▶ **What you will do**:
In the entries below, which lines run from the one containing "have b1i : b1" to the one containing "have [iB|iB] := boolP (i \in B); last first."? Copy exactly those lines, ends included, and no others.

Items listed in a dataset
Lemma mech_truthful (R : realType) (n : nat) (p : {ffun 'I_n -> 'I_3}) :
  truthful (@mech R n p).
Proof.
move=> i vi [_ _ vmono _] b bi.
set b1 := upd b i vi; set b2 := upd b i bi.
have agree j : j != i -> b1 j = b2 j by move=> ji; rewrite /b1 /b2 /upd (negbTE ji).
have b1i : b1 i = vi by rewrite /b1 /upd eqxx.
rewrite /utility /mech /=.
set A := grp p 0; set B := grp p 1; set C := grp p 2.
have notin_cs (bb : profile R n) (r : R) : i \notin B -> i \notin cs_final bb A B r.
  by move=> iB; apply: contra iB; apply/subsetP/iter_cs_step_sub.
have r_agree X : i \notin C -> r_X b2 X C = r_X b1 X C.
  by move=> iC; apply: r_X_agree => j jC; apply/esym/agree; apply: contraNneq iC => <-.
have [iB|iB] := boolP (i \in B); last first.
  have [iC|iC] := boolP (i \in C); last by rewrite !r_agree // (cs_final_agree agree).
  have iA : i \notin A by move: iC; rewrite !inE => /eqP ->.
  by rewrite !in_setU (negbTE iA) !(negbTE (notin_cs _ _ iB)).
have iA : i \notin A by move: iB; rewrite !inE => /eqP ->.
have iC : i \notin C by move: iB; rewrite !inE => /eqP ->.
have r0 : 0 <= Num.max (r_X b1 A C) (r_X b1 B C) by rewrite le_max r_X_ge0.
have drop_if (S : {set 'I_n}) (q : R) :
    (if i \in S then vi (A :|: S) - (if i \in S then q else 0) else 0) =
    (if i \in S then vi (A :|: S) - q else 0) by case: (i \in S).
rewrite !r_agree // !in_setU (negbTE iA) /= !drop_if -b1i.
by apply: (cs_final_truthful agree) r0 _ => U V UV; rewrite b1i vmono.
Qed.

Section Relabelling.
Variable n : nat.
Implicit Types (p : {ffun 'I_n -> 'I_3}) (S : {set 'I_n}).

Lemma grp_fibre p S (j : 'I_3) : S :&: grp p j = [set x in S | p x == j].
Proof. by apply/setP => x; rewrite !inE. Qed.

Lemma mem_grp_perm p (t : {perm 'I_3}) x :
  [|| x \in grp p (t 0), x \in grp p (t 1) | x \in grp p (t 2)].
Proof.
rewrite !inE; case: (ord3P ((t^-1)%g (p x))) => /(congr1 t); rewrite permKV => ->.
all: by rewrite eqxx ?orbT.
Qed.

--

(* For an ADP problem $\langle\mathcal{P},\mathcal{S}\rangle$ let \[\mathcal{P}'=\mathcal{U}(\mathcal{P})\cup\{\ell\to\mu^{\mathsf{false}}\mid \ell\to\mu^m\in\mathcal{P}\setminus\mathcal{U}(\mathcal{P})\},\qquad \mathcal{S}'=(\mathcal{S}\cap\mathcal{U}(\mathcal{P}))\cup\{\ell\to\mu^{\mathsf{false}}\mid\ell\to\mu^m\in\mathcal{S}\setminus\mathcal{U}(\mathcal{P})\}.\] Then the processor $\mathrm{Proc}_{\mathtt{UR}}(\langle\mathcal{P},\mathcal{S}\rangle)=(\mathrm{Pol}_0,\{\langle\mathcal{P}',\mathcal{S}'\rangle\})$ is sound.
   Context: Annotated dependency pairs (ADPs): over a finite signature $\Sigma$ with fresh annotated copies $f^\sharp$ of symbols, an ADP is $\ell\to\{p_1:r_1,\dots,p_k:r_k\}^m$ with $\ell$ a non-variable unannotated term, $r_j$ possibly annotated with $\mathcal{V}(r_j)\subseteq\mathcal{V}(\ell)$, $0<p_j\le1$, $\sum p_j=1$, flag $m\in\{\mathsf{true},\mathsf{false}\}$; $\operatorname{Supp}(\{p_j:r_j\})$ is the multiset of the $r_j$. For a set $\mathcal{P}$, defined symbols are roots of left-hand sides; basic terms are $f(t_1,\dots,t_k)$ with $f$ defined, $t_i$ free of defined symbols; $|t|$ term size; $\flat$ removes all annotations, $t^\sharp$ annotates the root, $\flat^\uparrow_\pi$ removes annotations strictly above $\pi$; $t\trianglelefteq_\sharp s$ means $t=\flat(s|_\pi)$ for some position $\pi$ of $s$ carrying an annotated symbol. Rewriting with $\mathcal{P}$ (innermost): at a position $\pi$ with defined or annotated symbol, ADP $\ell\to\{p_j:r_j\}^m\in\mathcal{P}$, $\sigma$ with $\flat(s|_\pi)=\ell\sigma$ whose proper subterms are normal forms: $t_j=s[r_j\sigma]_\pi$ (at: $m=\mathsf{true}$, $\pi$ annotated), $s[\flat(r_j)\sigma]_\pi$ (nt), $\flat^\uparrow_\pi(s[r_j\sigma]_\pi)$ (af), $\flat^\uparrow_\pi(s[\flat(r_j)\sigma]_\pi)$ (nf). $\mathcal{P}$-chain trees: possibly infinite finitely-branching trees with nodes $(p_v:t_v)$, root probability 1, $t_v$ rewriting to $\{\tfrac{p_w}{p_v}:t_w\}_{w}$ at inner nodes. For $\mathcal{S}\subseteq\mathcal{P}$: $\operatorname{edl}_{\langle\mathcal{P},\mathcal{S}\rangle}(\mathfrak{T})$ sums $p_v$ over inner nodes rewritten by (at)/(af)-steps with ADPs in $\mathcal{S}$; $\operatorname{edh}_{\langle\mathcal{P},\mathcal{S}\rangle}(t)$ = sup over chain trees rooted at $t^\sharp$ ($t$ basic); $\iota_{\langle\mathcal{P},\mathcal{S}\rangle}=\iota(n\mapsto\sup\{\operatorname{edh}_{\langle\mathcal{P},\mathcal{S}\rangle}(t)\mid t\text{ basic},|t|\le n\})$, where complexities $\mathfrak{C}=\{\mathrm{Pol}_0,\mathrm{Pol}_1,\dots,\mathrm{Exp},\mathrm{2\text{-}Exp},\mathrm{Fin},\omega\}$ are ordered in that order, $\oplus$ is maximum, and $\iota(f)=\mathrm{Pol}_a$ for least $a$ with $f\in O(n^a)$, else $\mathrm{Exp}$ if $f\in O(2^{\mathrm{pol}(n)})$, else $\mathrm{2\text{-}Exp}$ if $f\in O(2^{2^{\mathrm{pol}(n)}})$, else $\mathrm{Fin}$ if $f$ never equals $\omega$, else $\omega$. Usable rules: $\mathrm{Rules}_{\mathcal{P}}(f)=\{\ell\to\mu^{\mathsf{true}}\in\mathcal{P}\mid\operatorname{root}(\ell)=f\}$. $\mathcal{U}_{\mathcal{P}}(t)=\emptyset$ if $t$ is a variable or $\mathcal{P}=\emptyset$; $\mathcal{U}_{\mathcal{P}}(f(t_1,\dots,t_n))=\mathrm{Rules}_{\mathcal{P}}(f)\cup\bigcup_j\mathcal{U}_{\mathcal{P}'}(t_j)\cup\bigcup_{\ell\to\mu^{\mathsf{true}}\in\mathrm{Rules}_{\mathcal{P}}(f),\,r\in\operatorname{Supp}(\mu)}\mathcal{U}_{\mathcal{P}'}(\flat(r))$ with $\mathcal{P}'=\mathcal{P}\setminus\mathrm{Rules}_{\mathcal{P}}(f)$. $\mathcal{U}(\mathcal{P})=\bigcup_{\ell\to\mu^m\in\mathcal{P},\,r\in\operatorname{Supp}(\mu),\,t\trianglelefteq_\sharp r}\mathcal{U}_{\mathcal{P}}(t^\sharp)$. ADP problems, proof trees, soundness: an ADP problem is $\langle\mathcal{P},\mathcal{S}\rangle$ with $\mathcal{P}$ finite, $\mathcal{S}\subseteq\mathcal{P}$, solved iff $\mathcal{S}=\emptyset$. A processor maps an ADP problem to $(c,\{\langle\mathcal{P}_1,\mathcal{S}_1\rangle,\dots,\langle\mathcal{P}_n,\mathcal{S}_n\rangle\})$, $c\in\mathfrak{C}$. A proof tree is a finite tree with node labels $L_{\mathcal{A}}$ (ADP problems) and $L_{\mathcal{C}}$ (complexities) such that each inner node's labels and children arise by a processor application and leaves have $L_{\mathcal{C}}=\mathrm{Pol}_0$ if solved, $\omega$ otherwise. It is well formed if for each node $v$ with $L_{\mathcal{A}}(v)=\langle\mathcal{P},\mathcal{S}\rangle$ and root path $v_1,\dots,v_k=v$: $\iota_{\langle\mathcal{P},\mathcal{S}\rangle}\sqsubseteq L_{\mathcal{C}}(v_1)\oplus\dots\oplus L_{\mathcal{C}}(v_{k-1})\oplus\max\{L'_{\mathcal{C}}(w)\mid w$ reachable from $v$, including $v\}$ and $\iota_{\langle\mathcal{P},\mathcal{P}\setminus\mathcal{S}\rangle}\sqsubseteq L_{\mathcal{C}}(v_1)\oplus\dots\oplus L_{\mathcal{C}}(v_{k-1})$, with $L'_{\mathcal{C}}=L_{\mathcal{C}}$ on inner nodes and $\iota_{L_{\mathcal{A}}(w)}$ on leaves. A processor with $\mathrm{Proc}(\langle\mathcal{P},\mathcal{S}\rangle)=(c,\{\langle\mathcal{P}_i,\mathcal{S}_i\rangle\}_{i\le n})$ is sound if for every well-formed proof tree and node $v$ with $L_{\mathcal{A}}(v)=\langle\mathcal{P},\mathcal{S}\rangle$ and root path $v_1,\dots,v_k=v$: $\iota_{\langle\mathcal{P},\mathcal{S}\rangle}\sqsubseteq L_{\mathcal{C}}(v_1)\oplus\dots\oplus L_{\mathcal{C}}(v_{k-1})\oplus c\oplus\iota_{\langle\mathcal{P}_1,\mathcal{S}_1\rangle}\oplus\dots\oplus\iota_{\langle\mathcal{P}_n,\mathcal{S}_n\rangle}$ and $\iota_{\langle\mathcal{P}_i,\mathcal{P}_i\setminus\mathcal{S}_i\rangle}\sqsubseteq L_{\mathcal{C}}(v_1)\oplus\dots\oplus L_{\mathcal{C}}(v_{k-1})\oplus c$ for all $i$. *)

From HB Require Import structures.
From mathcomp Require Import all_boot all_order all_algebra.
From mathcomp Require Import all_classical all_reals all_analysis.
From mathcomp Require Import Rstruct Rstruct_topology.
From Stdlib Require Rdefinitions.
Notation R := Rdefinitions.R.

▶ **Response**:
have b1i : b1 i = vi by rewrite /b1 /upd eqxx.
rewrite /utility /mech /=.
set A := grp p 0; set B := grp p 1; set C := grp p 2.
have notin_cs (bb : profile R n) (r : R) : i \notin B -> i \notin cs_final bb A B r.
  by move=> iB; apply: contra iB; apply/subsetP/iter_cs_step_sub.
have r_agree X : i \notin C -> r_X b2 X C = r_X b1 X C.
  by move=> iC; apply: r_X_agree => j jC; apply/esym/agree; apply: contraNneq iC => <-.
have [iB|iB] := boolP (i \in B); last first.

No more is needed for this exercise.